Create a "Lazy" dataset that generates random numbers on the fly.

**Requirements:**
1. Define a class `RandomDataset` inheriting from `Dataset`.
   * `__init__`: Accepts an integer `length`. Stores it.
   * `__len__`: Returns the `length`.
   * `__getitem__`: Ignores the actual `idx`. Instead, it generates a random tensor of shape `(3,)` (the feature) and a random integer (0 or 1) (the label). It returns a tuple: `(feature, label)`.

2. Instantiate the dataset with a length of **10**.
3. Wrap it in a `DataLoader` with `batch_size=4`.
4. Write a loop to iterate through the loader.
5. Inside the loop, print the shape of the features batch and the labels batch.

**Expected Output intuition:**
If batch size is 4 and length is 10, you should see 3 loops.

   * Loop 1: 4 items
   * Loop 2: 4 items
   * Loop 3: 2 items (the remainder)



In [None]:
from torch.utils.data import Dataset, DataLoader
import random

class RandomDataset(Dataset):
    def __init__(self, length):
        self.length = length

    def __len__(self):
        return self.length

    def __getitem__(self, idx):
        tensor = torch.rand(3)
        ran_in = random.randint(0,1)
        return (tensor, ran_in)


dataset_instance = RandomDataset(10)
loader = DataLoader(dataset_instance, batch_size=4, shuffle=True)

for i, (f, l) in enumerate(loader):
    print(f"For Interation {i+1}:\nFeatures = {f}\nLabels = {l}")

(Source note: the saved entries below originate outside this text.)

(* R_k = F[u]/<u^k>, realised as MathComp's quotient ring {poly %/ 'X^k}
   (for k >= 1, 'X^k is monic of size > 1, so this is exactly F[u]/<u^k>). *)
Notation Rk F k := {poly %/ ('X^k : {poly F})}.

Section Skew.
Variables (R : comNzRingType) (th : R -> R).

(* Multiplication of the skew polynomial ring R[x;th] (x a = th(a) x), on the
   coefficient representation {poly R}:
   (sum a_i x^i)(sum b_j x^j) = sum_{i,j} a_i th^i(b_j) x^(i+j). *)
Definition skew_mul (a b : {poly R}) : {poly R} :=
  \poly_(i < (size a + size b)%N)
     \sum_(j < i.+1) a`_j * iter j th (b`_(i - j)).

Definition skew_exp (a : {poly R}) (n : nat) : {poly R} := iter n (skew_mul a) 1.

Definition left_ideal (I : {poly R} -> Prop) : Prop :=
  [/\ I 0, (forall a b, I a -> I b -> I (a + b)) &
      (forall r a, I a -> I (skew_mul r a))].

(* A left ideal of R[x;th]/<f> (f central), represented by its preimage in
   R[x;th], i.e. a left ideal of R[x;th] containing R[x;th] f. *)
Definition left_ideal_quot (f : {poly R}) (I : {poly R} -> Prop) : Prop :=
  left_ideal I /\ (forall r, I (skew_mul r f)).

Definition skew_negacyclic_code (N : nat) (C : {poly R} -> Prop) : Prop :=
  left_ideal_quot ('X^N + 1) C.

(* The component of C in the factor ring R[x;th]/<f> under the Chinese
   remainder isomorphism: the image of C modulo f (preimage representation). *)
Definition qcomp (f : {poly R}) (C : {poly R} -> Prop) : {poly R} -> Prop :=
  fun a => exists c r, C c /\ a = c + skew_mul r f.

End Skew.

Section Dual.
Variable R : comNzRingType.

(* coefficient vector in R^N of the class of c modulo x^N + 1 *)
Definition negafold (N : nat) (c : {poly R}) (i : 'I_N) : R :=
  \sum_(t < size c) (-1) ^+ t * c`_(i + t * N).

Definition euclid_dual (N : nat) (C : {poly R} -> Prop) : {poly R} -> Prop :=
  fun b => forall c, C c -> \sum_(i < N) negafold c i * negafold b i = 0.

Definition same_set (A B : {poly R} -> Prop) : Prop := forall a, A a <-> B a.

Excellent. You can see how the `DataLoader` automatically stacked your individual tensors into batches (e.g., `[4, 3]` shape). This automation is what makes training on millions of images possible.

Now, we need something to consume that data.

---

## **Concept 4: Model Architecture (nn.Module)**

### Intuition

In PyTorch, every neural network is a Python class that inherits from `nn.Module`.
Think of this class as a blueprint.
   1. **`__init__` (The Inventory):** You list the parts you need (layers). "I need a Linear layer with 784 inputs, a ReLU activation, etc."
   2. **`forward` (The Assembly):** You define how data flows through those parts. "Take input `x`, pass it through layer 1, then apply ReLU, then layer 2."
This separation allows for complex, non-linear flows (like skipping layers) that you'll need for things like ResNet later.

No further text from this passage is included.